**DATA PROVIDED**
(* Let $\{\mathbb{G}_n,\ n=2,3,\ldots\}$ be a sequence of random graphs as described in the context, with $\lim_{n\to\infty}|V_n|=\infty$ (no homogeneity assumption). For each $n$, let $(\nu_n,\mu_n)$ be a random pair uniformly distributed over $\Sigma_n=\{(k,\ell)\in V_n\times V_n: k\ne\ell\}$, i.e. $\mathbb{P}[\nu_n=k,\mu_n=\ell]=\frac{1}{|V_n|(|V_n|-1)}$ for distinct $k,\ell\in V_n$, and independent of $\mathbb{G}_n$. Fix $d\in\{0,1,\ldots\}$. Then $P_n(d)\to L(d)$ in probability for some scalar $L(d)\in\mathbb{R}$ if and only if $$\lim_{n\to\infty}\mathbb{P}[D_{n,\nu_n}=d]=L(d)\quad\text{and}\quad\lim_{n\to\infty}\mathrm{Cov}\big[\mathbf{1}[D_{n,\nu_n}=d],\mathbf{1}[D_{n,\mu_n}=d]\big]=0.$$
   Context: All random variables are defined on a common probability space $(\Omega,\mathcal{F},\mathbb{P})$. For each $n=2,3,\ldots$, $\mathbb{G}_n$ is a random (possibly directed, self-loops allowed) graph on a deterministic finite node set $V_n$ with $|V_n|\ge 2$, determined by $\{0,1\}$-valued edge random variables $\{\chi_n(k,\ell),\ k,\ell\in V_n\}$ ($\chi_n(k,\ell)=1$ iff there is an edge from $k$ to $\ell$). The degree of node $k$ is $D_{n,k}=\sum_{\ell\in V_n}\chi_n(k,\ell)$. For $d=0,1,\ldots$, $N_n(d)=\sum_{k\in V_n}\mathbf{1}[D_{n,k}=d]$ and $P_n(d)=N_n(d)/|V_n|$. *)

From HB Require Import structures.
From mathcomp Require Import all_boot all_order all_algebra.
From mathcomp Require Import all_classical all_reals all_analysis.
Set Implicit Arguments. Unset Strict Implicit. Unset Printing Implicit Defensive.
Import Order.TTheory GRing.Theory Num.Theory.
Local Open Scope classical_set_scope.
Local Open Scope ring_scope.

(* Random graph on node set V : finType, given by edge indicators
   chi : Omega -> V -> V -> bool (chi w k l = edge from k to l). *)

Definition degree {Omega : Type} {V : finType} (chi : Omega -> V -> V -> bool)
  (w : Omega) (k : V) : nat := (\sum_(l : V) chi w k l)%N.

Definition Ncount {Omega : Type} {V : finType} (chi : Omega -> V -> V -> bool)
  (d : nat) (w : Omega) : nat := #|[set k : V | degree chi w k == d]|.

Definition Pfrac {R : realType} {Omega : Type} {V : finType}
  (chi : Omega -> V -> V -> bool) (d : nat) (w : Omega) : R :=
  (Ncount chi d w)%:R / #|V|%:R.

(* Independence of the random element (nu,mu) from the random graph chi,
   both taking finitely many values: product rule on all atoms. *)
Definition indep_pair_graph {dO : measure_display} {Omega : measurableType dO}
  {R : realType} (P : probability Omega R) {V : finType}
  (chi : Omega -> V -> V -> bool) (nu mu : Omega -> V) : Prop :=
  forall (g : V -> V -> bool) (k l : V),
    P ([set w | chi w = g] `&` [set w | nu w = k /\ mu w = l]) =
    (P [set w | chi w = g] * P [set w | nu w = k /\ mu w = l])%E.

Definition cvg_in_prob {dO : measure_display} {Omega : measurableType dO}
  {R : realType} (P : probability Omega R) (X : nat -> Omega -> R) (c : R) : Prop :=
  forall eps : R, 0 < eps ->
    (fun n => P [set w | eps < `|X n w - c| ]) @ \oo --> 0%E.

From HB Require Import structures.
From mathcomp Require Import all_boot all_order all_algebra.
From mathcomp Require Import all_classical all_reals all_analysis.
From mathcomp Require Import ring lra.
Import Order.TTheory GRing.Theory Num.Theory numFieldNormedType.Exports.
Local Open Scope classical_set_scope.
Local Open Scope ring_scope.

(* Condition on the graph.  Given G_n, the pair (nu_n, mu_n) is a uniform
   sample of two distinct nodes, so P[D_nu = d | G_n] = P_n(d) and
   P[D_nu = d, D_mu = d | G_n] = N_n(d) (N_n(d) - 1) / (|V_n| (|V_n| - 1)),
   which is within 1 / (|V_n| - 1) of P_n(d)^2.  Hence P[D_nu = d] = E P_n(d)
   and the covariance is Var P_n(d) + O(1 / |V_n|).  Since 0 <= P_n(d) <= 1,
   P_n(d) -> L in probability iff E (P_n(d) - L)^2 -> 0 (Markov's inequality
   one way, boundedness the other), and E (P_n(d) - L)^2 is the sum of
   Var P_n(d) and (E P_n(d) - L)^2. *)

(* Moments under a finite probability vector q; below, q is the law of the
   random graph, so these are expectations of functions of the graph. *)
Section FiniteMoments.
Context {R : realType} {G : finType} (q : G -> R).

Definition fmean (x : G -> R) : R := \sum_g q g * x g.
Definition fvar (x : G -> R) : R := fmean (fun g => x g ^+ 2) - fmean x ^+ 2.
Definition ftail (x : G -> R) (L eps : R) : R :=
  fmean (fun g => ((eps < `|x g - L|)%R)%:R).

Hypothesis q_ge0 : forall g, 0 <= q g.
Hypothesis q_sum1 : \sum_g q g = 1.

Lemma fmeanD x y : fmean (fun g => x g + y g) = fmean x + fmean y.
Proof. by rewrite -big_split; apply: eq_bigr => g _; rewrite mulrDr. Qed.

Lemma fmeanZ c x : fmean (fun g => c * x g) = c * fmean x.
Proof. by rewrite mulr_sumr; apply: eq_bigr => g _; rewrite mulrCA. Qed.

Lemma fmean_cst c : fmean (fun=> c) = c.
Proof. by rewrite /fmean -mulr_suml q_sum1 mul1r. Qed.

Lemma fmean_ge0 x : (forall g, 0 <= x g) -> 0 <= fmean x.
Proof. by move=> x_ge0; apply: sumr_ge0 => g _; apply: mulr_ge0. Qed.

Lemma fmean_le x y : (forall g, x g <= y g) -> fmean x <= fmean y.
Proof. by move=> xy; apply: ler_sum => g _; apply: ler_wpM2l. Qed.

Lemma fmean_dist_le x y c : (forall g, `|x g - y g| <= c) ->
  `|fmean x - fmean y| <= c.
Proof.
move=> xyc; rewrite /fmean -sumrB; apply: le_trans (ler_norm_sum _ _ _) _.
rewrite -[c](fmean_cst c); apply: ler_sum => g _.
by rewrite -mulrBr normrM ger0_norm // ler_wpM2l.
Qed.

Lemma fmean_sqrB x c :
  fmean (fun g => (x g - c) ^+ 2) = fvar x + (fmean x - c) ^+ 2.
Proof.
rewrite (_ : (fun g => _) = fun g => x g ^+ 2 + (-2 * c) * x g + c ^+ 2);
  last by apply/funext => g; ring.
by rewrite !fmeanD fmeanZ fmean_cst /fvar; ring.
Qed.

Lemma fvar_ge0 x : 0 <= fvar x.
Proof.
have := fmean_sqrB x (fmean x); rewrite subrr expr0n addr0 => <-.
by apply: fmean_ge0 => g; exact: sqr_ge0.
Qed.

Lemma ftail_ge0 x L eps : 0 <= ftail x L eps.
Proof. by apply: fmean_ge0 => g; exact: ler0n. Qed.

Lemma ftail_le_fmean_sqrB x L eps : 0 <= eps ->
  eps ^+ 2 * ftail x L eps <= fmean (fun g => (x g - L) ^+ 2).
Proof.
move=> eps_ge0; rewrite /ftail -fmeanZ; apply: fmean_le => g.
have [lt_eps|_] := ltP eps; last by rewrite mulr0 sqr_ge0.
rewrite mulr1 -[(x g - L) ^+ 2]real_normK ?num_real //.
by rewrite ler_pXn2r ?nnegrE ?normr_ge0 // ltW.
Qed.

Lemma fmean_sqrB_le_ftail x L K eps : (forall g, `|x g - L| <= K) ->
  fmean (fun g => (x g - L) ^+ 2) <= eps ^+ 2 + K ^+ 2 * ftail x L eps.
Proof.
move=> xLK; rewrite /ftail -fmeanZ -[eps ^+ 2]fmean_cst -fmeanD.
apply: fmean_le => g /=; have K_ge0 : 0 <= K := le_trans (normr_ge0 _) (xLK g).
rewrite -[(x g - L) ^+ 2]real_normK ?num_real //.
have [_|le_eps] := ltP eps; rewrite ?mulr1 ?mulr0 ?addr0.
  by rewrite ler_wpDl ?sqr_ge0 // ler_pXn2r ?nnegrE ?normr_ge0.
by rewrite ler_pXn2r ?nnegrE ?normr_ge0 // (le_trans (normr_ge0 _) le_eps).
Qed.
Lemma tr_U_top_tilted_frame (c s : R) :
  (U_top R d k)^T *m tilted_frame c s =
  diag_mx (\row_j if (j : nat) == k.-1 then c else 1).
Proof.
apply/matrixP => i j; rewrite (tr_U_top_mulE (ltnW k_lt_d)) !mxE /=.
have -> : ((i : nat) == d.-1) = false by apply/eqP; have := ltn_ord i; lia.
rewrite mulr0 addr0; case: (eqVneq i j) => [<-|neq_ij].
  by case: eqP; rewrite ?mulr1 ?eqxx.
have /negbTE neq_ij_nat : (i : nat) != j by [].
rewrite mulr0n; case: eqP => [j_last|_]; last by rewrite neq_ij_nat.
by rewrite -j_last neq_ij_nat mulr0.
Qed.

Lemma tr_U_top_corner : (U_top R d k)^T *m corner = 0.
Proof.
apply/matrixP => i j; rewrite (tr_U_top_mulE (ltnW k_lt_d)) !mxE /=.
suff -> : (widen_ord (ltnW k_lt_d) i == Ordinal last_row_subproof) = false by [].
by rewrite -val_eqE /=; apply/eqP; have := ltn_ord i; lia.
Qed.

Lemma tr_U_bot_corner :
  (U_bot R d k)^T *m corner = delta_mx (Ordinal corner_row_subproof) last_col.
Proof.
apply/matrixP => i j; rewrite tr_U_bot_mulE !mxE /=.
suff -> : (Ordinal (U_bot_row_subproof i) == Ordinal last_row_subproof) =
          (i == Ordinal corner_row_subproof) by [].
by rewrite -!val_eqE /=; apply/eqP/eqP; have := ltn_ord i; lia.
Qed.

Lemma A_diag_tilted_frame (lam beta c s : R) :
  A_diag d k lam beta *m tilted_frame c s =
  lam *: tilted_frame c s + ((2 * Num.sqrt beta - lam) * s) *: corner.
Proof.
apply/matrixP => l j; rewrite A_diag_mulE !mxE -!val_eqE /=.
have lt_jk := ltn_ord j.
case: ltnP => [lt_lk|le_kl].
  have -> : ((l : nat) == d.-1) = false by apply/eqP; lia.
  by rewrite andFb mulr0n !mulr0 !addr0.
have [-> ->] : ((l : nat) == k.-1) = false /\ ((l : nat) == j) = false.
  by split; apply/eqP; lia.
by case: eqP; case: eqP => _ _ /=; rewrite ?mulr1n ?mulr0n; ring.
Qed.

Lemma theta_tilted_frame (c s : R) :
  0 < c <= 1 -> theta_k (U_top R d k) (tilted_frame c s) = acos c.
Proof.
case/andP => c_gt0 c_le1.
rewrite /theta_k tr_U_top_tilted_frame (@sigma_min_diag _ _ _ last_col).
  by rewrite mxE eqxx gtr0_norm.
by move=> i; rewrite !mxE eqxx; case: ifP; rewrite // gtr0_norm // normr1.
Qed.

Lemma spec_norm_tr_U_bot_corner_le (a : R) :
  spec_norm ((U_bot R d k)^T *m (a *: corner)) <= `|a|.
Proof. by rewrite -scalemxAr tr_U_bot_corner spec_norm_scale_delta_le. Qed.

End TiltedFrame.

Lemma tan_ext_acos (R : realType) (c : R) :
  0 < c <= 1 -> tan_ext (acos c) = (Num.sqrt (1 - c ^+ 2) / c)%:E.
Proof.
case/andP => c_gt0 c_le1; have c_in : -1 <= c <= 1 by apply/andP; split; lra.
by rewrite /tan_ext /tan sin_acos // acosK ?in_itv //= gt_eqF.
Qed.

Theorem theorem3 (R : realType) (d k : nat) (beta lam eps : R) :
  (1 <= k)%N -> (k < d)%N -> 0 < beta -> 2 * Num.sqrt beta < lam ->
  0 < eps -> eps < 1 ->
  exists (Xi : nat -> 'M[R]_(d, k)) (X : nat -> 'M[R]_(d, k)) (Rs : nat -> 'M[R]_k),
    [/\ 0 < cos (theta_k (U_top R d k) (X 0%N)),
        (forall t, (U_top R d k)^T *m Xi t = 0),
        (forall t, spec_norm ((U_bot R d k)^T *m Xi t)
                     <= 8%:R * (lam - 2 * Num.sqrt beta) * eps),
        ANPM (A_diag d k lam beta) beta Xi X Rs
      & forall t, (eps%:E < tan_ext (theta_k (U_top R d k) (X t)))%E].
Proof.
move=> k_gt0 k_lt_d beta_gt0 lam_gt eps_gt0 eps_lt1.
pose c := Num.sqrt (1 - eps ^+ 2).
have c_sqr : c ^+ 2 = 1 - eps ^+ 2 by rewrite sqr_sqrtr //; nra.
have c_gt0 : 0 < c by rewrite sqrtr_gt0; nra.
have c_lt1 : c < 1 by rewrite -sqrtr1 ltr_sqrt //; nra.
pose X := tilted_frame R d k c eps.
have theta_X : theta_k (U_top R d k) X = acos c.
  by rewrite theta_tilted_frame // c_gt0 ltW.
pose a := (2 * Num.sqrt beta - lam) * eps.
pose coef t : R := if t is 0 then - 2^-1 else -1.
exists (fun t => coef t *: (a *: corner R d k k_gt0 k_lt_d)), (fun=> X).
exists (fun t => (anpm_scale lam beta t)%:M); split.
- by rewrite theta_X acosK // in_itv /=; apply/andP; split; lra.
- by move=> t; rewrite -!scalemxAr tr_U_top_corner !scaler0.
- move=> t; rewrite scalerA.
  apply: le_trans; first exact: spec_norm_tr_U_bot_corner_le.
  have coef_le1 : `|coef t| <= 1.
    by case: t => [|t]; rewrite normrN ?normr1 // normfV normr_nat invf_le1 ?ler1n.
  have gap_ge0 : 0 <= (lam - 2 * Num.sqrt beta) * eps by apply: mulr_ge0; lra.
  rewrite normrM -[`|a|]normrN /a -mulNr opprB [`|_ * eps|]ger0_norm //.
  apply: le_trans (ler_piMl gap_ge0 coef_le1) _.
  by rewrite -mulrA ler_peMl ?ler1n.
- rewrite /coef; apply: ANPM_stationary => //; last exact: A_diag_tilted_frame.
  by apply: tilted_frame_stiefel => //; rewrite c_sqr subrK.
- move=> t; rewrite theta_X tan_ext_acos ?c_gt0 ?ltW // lte_fin c_sqr.
  by rewrite opprB addrCA subrr addr0 sqrtr_sqr gtr0_norm // ltr_pdivlMr //; nra.
Qed.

**ASSIGNED TASK**
Return each line in the records that holds the string "fmeanZ".

**OUTPUT BELOW**
Lemma fmeanZ c x : fmean (fun g => c * x g) = c * fmean x.
by rewrite !fmeanD fmeanZ fmean_cst /fvar; ring.
move=> eps_ge0; rewrite /ftail -fmeanZ; apply: fmean_le => g.
move=> xLK; rewrite /ftail -fmeanZ -[eps ^+ 2]fmean_cst -fmeanD.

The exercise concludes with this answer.